───── Recorded data
(* Let $\alpha \in [0, 1/10)$, let $G$ be an abelian group, let $A$ be a non-empty finite subset of $G$, and let $H$ be a finite subgroup of $G$. If $d(U_A, U_H) \le \alpha$, then there exists $x \in G$ such that \[|A \,\Delta\, (H + \{x\})| \le 10\, \alpha\, |H|.\]
   Context: $\log$ is the natural logarithm. For a random variable $X$ with finite range $R$, $\mathbb{H}(X) = -\sum_{x\in R}\mathbb{P}(X=x)\log \mathbb{P}(X=x)$ is its Shannon entropy. For a non-empty finite set $A$, $U_A$ denotes a random variable uniformly distributed on $A$. For random variables $X,Y$ with finite range in an abelian group, the entropic Ruzsa distance is $d(X,Y) = \mathbb{H}(X'+Y') - (\mathbb{H}(X')+\mathbb{H}(Y'))/2$, where $X',Y'$ are independent with the same distributions as $X,Y$ respectively. $\Delta$ denotes symmetric difference and $H+\{x\}=\{h+x: h\in H\}$. *)

From HB Require Import structures.
From mathcomp Require Import all_boot all_order all_algebra.
From mathcomp Require Import finmap.
From mathcomp Require Import reals exp.
Set Implicit Arguments. Unset Strict Implicit. Unset Printing Implicit Defensive.
Import Order.TTheory GRing.Theory Num.Theory.
Local Open Scope fset_scope.
Local Open Scope ring_scope.

Section Defs.
Variables (R : realType) (G : zmodType).

Definition is_subgroup (H : {fset G}) : Prop :=
  0 \in H /\ (forall x y, x \in H -> y \in H -> x - y \in H).

(* Shannon entropy (natural log) of a random variable with finite range S and
   probability mass function p : G -> R (p x = P(X = x)). *)
Definition entropy (S : {fset G}) (p : G -> R) : R :=
  - \sum_(x <- S) p x * ln (p x).

Definition unif (A : {fset G}) (x : G) : R :=
  if x \in A then (#|` A |%:R)^-1 else 0.

Definition sumset (S T : {fset G}) : {fset G} := [fset a + b | a in S, b in T].

(* distribution of X' + Y' for independent X' (range S, pmf p), Y' (range T, pmf q) *)
Definition conv (S : {fset G}) (p : G -> R) (T : {fset G}) (q : G -> R) (s : G) : R :=
  \sum_(a <- S) \sum_(b <- T) (if a + b == s then p a * q b else 0).

Definition ruzsa_dist (S : {fset G}) (p : G -> R) (T : {fset G}) (q : G -> R) : R :=
  entropy (sumset S T) (conv S p T q) - (entropy S p + entropy T q) / 2.

Definition translate (H : {fset G}) (x : G) : {fset G} := [fset h + x | h in H].

Definition symdiff (A B : {fset G}) : {fset G} := (A `\` B) `|` (B `\` A).

End Defs.

From HB Require Import structures.
From mathcomp Require Import all_boot all_order all_algebra.
From mathcomp Require Import finmap.
From mathcomp Require Import reals exp.
From mathcomp Require Import lra.
Set Implicit Arguments. Unset Strict Implicit. Unset Printing Implicit Defensive.
Import Order.TTheory GRing.Theory Num.Theory.
Local Open Scope fset_scope.
Local Open Scope ring_scope.

(* The mass of U_A + U_H at s is |A ∩ (H + s)| / (|A| |H|).  If m is the largest
   such overlap, every mass is at most m / (|A| |H|), so the entropy of U_A + U_H is
   at least ln (|A| |H| / m) and d(U_A, U_H) >= ln (|A| |H| / m^2) / 2; hence
   m^2 / (|A| |H|) >= 1 - 2 alpha.  For x maximising the overlap,
   |A Δ (H + x)| = |A| + |H| - 2 m, which is at most 10 alpha |H| once alpha < 1/10. *)

Lemma sum_pred1_seq (V : nmodType) (T : eqType) (r : seq T) (x : T) (f : T -> V) :
  uniq r -> \sum_(s <- r) (if x == s then f s else 0) = if x \in r then f x else 0.
Proof.
elim: r => [|y r IH]; first by rewrite big_nil.
rewrite big_cons /= in_cons => /andP [yr ur]; rewrite IH //.
case: eqP => [->|_] /=; last by rewrite add0r.
by rewrite (negbTE yr) addr0.
Qed.

Lemma sumr_const_fset (V : nmodType) (K : choiceType) (A : {fset K}) (c : V) :
  \sum_(x <- A) c = c *+ #|` A|.
Proof. by rewrite big_const_seq count_predT iter_addr_0. Qed.

Lemma card_symdiff (G : zmodType) (A B : {fset G}) :
  #|` symdiff A B| = ((#|` A| - #|` A `&` B|) + (#|` B| - #|` A `&` B|))%N.
Proof.
have disjD : (A `\` B) `&` (B `\` A) = fset0.
  by apply/fsetP => x; rewrite !inE; case: (x \in A); case: (x \in B).
by rewrite /symdiff -(addn0 #|` _|) -(cardfs0 G) -disjD cardfsUI !cardfsD fsetIC.
Qed.

Section RealBounds.
Variable R : realType.

Lemma le_1subV_ln (t : R) : 0 < t -> 1 - t^-1 <= ln t.
Proof.
move=> t0; have tV0 : 0 < t^-1 by rewrite invr_gt0.
have : -1 < t^-1 - 1 by lra.
by move/le_ln1Dx; rewrite addrCA subrr addr0 lnV ?posrE //; lra.
Qed.

(* The bound [1 - m^2/(a h) <= 2 al] with [al < 1/10] first forces [4 a <= 5 m];
   then [m (a + h - 2 m) <= a h - m^2] turns it into the claim. *)
Lemma overlap_ratio_bound (a h m al : R) : 0 < m -> m <= a -> m <= h ->
  0 <= al -> al < 10^-1 -> 1 - (m * m) / (a * h) <= 2 * al ->
  a + h - 2 * m <= 10 * al * h.
Proof.
move=> m0 ma mh al0 al1 hyp.
have ah0 : 0 < a * h by apply: mulr_gt0; apply: lt_le_trans m0 _.
have {}hyp : a * h - m * m <= 2 * al * (a * h).
  by move: hyp; rewrite -(ler_pM2r ah0) mulrBl mul1r mulfVK ?gt_eqF.
have {}al1 : al * 10 < 1 by move: al1; rewrite -(ltr_pM2r (_ : (0:R) < 10)) ?mulVf //; lra.
have key : m * (a + h - 2 * m) <= a * h - m * m by nra.
have a_le : 4 * a <= 5 * m by nra.
nra.
Qed.

End RealBounds.

Section Entropy.
Variables (R : realType) (G : zmodType).

Lemma sum_unif (A : {fset G}) : A != fset0 -> \sum_(x <- A) unif R A x = 1.
Proof.
move=> An0; rewrite (eq_big_seq (fun _ => (#|` A|%:R : R)^-1)); last first.
  by move=> x xA; rewrite /unif xA.
by rewrite sumr_const_fset -[_ *+ _]mulr_natr mulVf // pnatr_eq0 -lt0n cardfs_gt0.
Qed.

Lemma entropy_unif (A : {fset G}) : A != fset0 ->
  entropy A (unif R A) = ln (#|` A|%:R).
Proof.
move=> An0; have A0 : (0 : R) < #|` A|%:R by rewrite ltr0n cardfs_gt0.
rewrite /entropy (eq_big_seq (fun x => unif R A x * ln ((#|` A|%:R)^-1))); last first.
  by move=> x xA; rewrite /unif xA.
by rewrite -mulr_suml sum_unif // mul1r lnV ?opprK.
Qed.

Lemma sum_conv (S T : {fset G}) (p q : G -> R) :
  \sum_(s <- sumset S T) conv S p T q s =
  (\sum_(a <- S) p a) * (\sum_(b <- T) q b).
Proof.
rewrite /conv exchange_big mulr_suml; apply: eq_big_seq => a aS.
rewrite exchange_big mulr_sumr; apply: eq_big_seq => b bT.
by rewrite sum_pred1_seq ?fset_uniq // in_imfset2.
Qed.

Lemma entropy_ge_lnV (S : {fset G}) (p : G -> R) (c : R) :
  (forall x, x \in S -> 0 <= p x <= c) -> \sum_(x <- S) p x = 1 ->
  - ln c <= entropy S p.
Proof.
move=> pc p1; rewrite /entropy -[X in X <= _]mul1r -p1 mulr_suml -sumrN !big_seq.
apply: ler_sum => x xS; have /andP[p0 pxc] := pc x xS.
rewrite -mulrN; move: p0; rewrite le0r; case/orP => [/eqP->|px_pos]; first by rewrite !mul0r.
rewrite ler_pM2l // lerN2 ler_ln ?posrE //; exact: lt_le_trans pxc.
Qed.

End Entropy.

Section Translates.
Variables (R : realType) (G : zmodType).

Lemma mem_translate (H : {fset G}) s x : (x \in translate H s) = (x - s \in H).
Proof.
apply/imfsetP/idP => /= [[h hH ->]|xsH]; first by rewrite addrK.
by exists (x - s); rewrite ?subrK.
Qed.

Lemma card_translate (H : {fset G}) s : #|` translate H s| = #|` H|.
Proof. by rewrite card_imfset //= => x y; apply: addIr. Qed.

Lemma subgroup_memBC (H : {fset G}) x y : is_subgroup H ->
  (x - y \in H) = (y - x \in H).
Proof.
move=> [H0 HB]; suff imp u v : u - v \in H -> v - u \in H by apply/idP/idP; apply: imp.
by move=> uvH; rewrite -opprB -sub0r HB.
Qed.

Lemma conv_unif (A H : {fset G}) s : is_subgroup H ->
  conv A (unif R A) H (unif R H) s =
  #|` A `&` translate H s|%:R / (#|` A|%:R * #|` H|%:R).
Proof.
move=> Hsub; rewrite /conv.
set k : R := (#|` A|%:R)^-1 * (#|` H|%:R)^-1.
rewrite (eq_big_seq (fun a => if a \in translate H s then k else 0)); last first.
  move=> a aA; rewrite (eq_big_seq (fun b => if s - a == b then k else 0)).
    by rewrite sum_pred1_seq ?fset_uniq // mem_translate subgroup_memBC.
  by move=> b bH; rewrite /unif aA bH subr_eq addrC eq_sym.
rewrite -big_mkcond /= big_fset_condE sumr_const_fset -[_ *+ _]mulr_natr invfM mulrC.
by congr (_%:R * _); congr #|` _|; apply/fsetP => x; rewrite !inE.
Qed.

Lemma ruzsa_unif_ge (A H : {fset G}) (m : nat) :
  is_subgroup H -> A != fset0 -> (0 < m)%N ->
  (forall s, s \in sumset A H -> (#|` A `&` translate H s| <= m)%N) ->
  ln (#|` A|%:R * #|` H|%:R / (m%:R * m%:R)) / 2 <= ruzsa_dist A (unif R A) H (unif R H).
Proof.
move=> Hsub An0 m0 mmax.
have Hn0 : H != fset0 by apply/fset0Pn; exists 0; case: Hsub.
have [a0 h0 mr0] : [/\ (0 : R) < #|` A|%:R, (0 : R) < #|` H|%:R & (0 : R) < m%:R].
  by rewrite !ltr0n !cardfs_gt0.
have ent : - ln (m%:R / (#|` A|%:R * #|` H|%:R))
           <= entropy (sumset A H) (conv A (unif R A) H (unif R H)).
  apply: entropy_ge_lnV; last by rewrite sum_conv !sum_unif ?mulr1.
  move=> s sS; rewrite conv_unif // divr_ge0 ?mulr_ge0 //=.
  by rewrite ler_pM2r ?invr_gt0 ?mulr_gt0 // ler_nat mmax.
move: ent; rewrite /ruzsa_dist !entropy_unif // !ln_div ?posrE ?mulr_gt0 // !lnM ?posrE //.
lra.
Qed.

End Translates.

Theorem mainTheorem3 (R : realType) (G : zmodType) (alpha : R)
    (A H : {fset G}) :
  0 <= alpha -> alpha < 10^-1 ->
  A != fset0 ->
  is_subgroup H ->
  ruzsa_dist A (unif R A) H (unif R H) <= alpha ->
  exists x : G,
    (#|` symdiff A (translate H x) |)%:R <= 10 * alpha * (#|` H |)%:R.
Proof.
move=> al0 al1 An0 Hsub dist_le.
have /fset0Pn [a0 a0A] := An0.
have a0S : a0 + 0 \in sumset A H by rewrite in_imfset2 //; case: Hsub.
pose overlap s := #|` A `&` translate H s|.
have [[s sS] _ smax] := @arg_maxnP _ [` a0S] xpredT (fun s => overlap (val s)) isT.
exists s; set m := overlap s.
have mmax t : t \in sumset A H -> (overlap t <= m)%N by move=> tS; apply: (smax [` tS]).
have m0 : (0 < m)%N.
  apply: leq_trans (mmax _ a0S); rewrite cardfs_gt0; apply/fset0Pn; exists a0.
  by rewrite in_fsetI a0A mem_translate addr0 subrr; case: Hsub.
have mA : (m <= #|` A|)%N by rewrite fsubset_leq_card ?fsubsetIl.
have mH : (m <= #|` H|)%N by rewrite -(card_translate H s) fsubset_leq_card ?fsubsetIr.
have := ruzsa_unif_ge R Hsub An0 m0 mmax.
set r := _ / (_ * _) => ln_le.
have r0 : 0 < r by rewrite divr_gt0 ?mulr_gt0 ?ltr0n ?cardfs_gt0 // -cardfs_gt0 (leq_trans m0).
have ratio_le : 1 - (m%:R * m%:R) / (#|` A|%:R * #|` H|%:R) <= 2 * alpha.
  by have := le_1subV_ln r0; rewrite /r invf_div; lra.
have := @overlap_ratio_bound R #|` A|%:R #|` H|%:R m%:R alpha.
rewrite ltr0n !ler_nat m0 mA mH => /(_ isT isT isT al0 al1 ratio_le).
by rewrite card_symdiff card_translate natrD !natrB ?ler_nat //; lra.
Qed.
──────────
*Exercise details*. Search the data above and return each line in which "most" occurs.

*Task output*.
   such overlap, every mass is at most m / (|A| |H|), so the entropy of U_A + U_H is
   |A Δ (H + x)| = |A| + |H| - 2 m, which is at most 10 alpha |H| once alpha < 1/10. *)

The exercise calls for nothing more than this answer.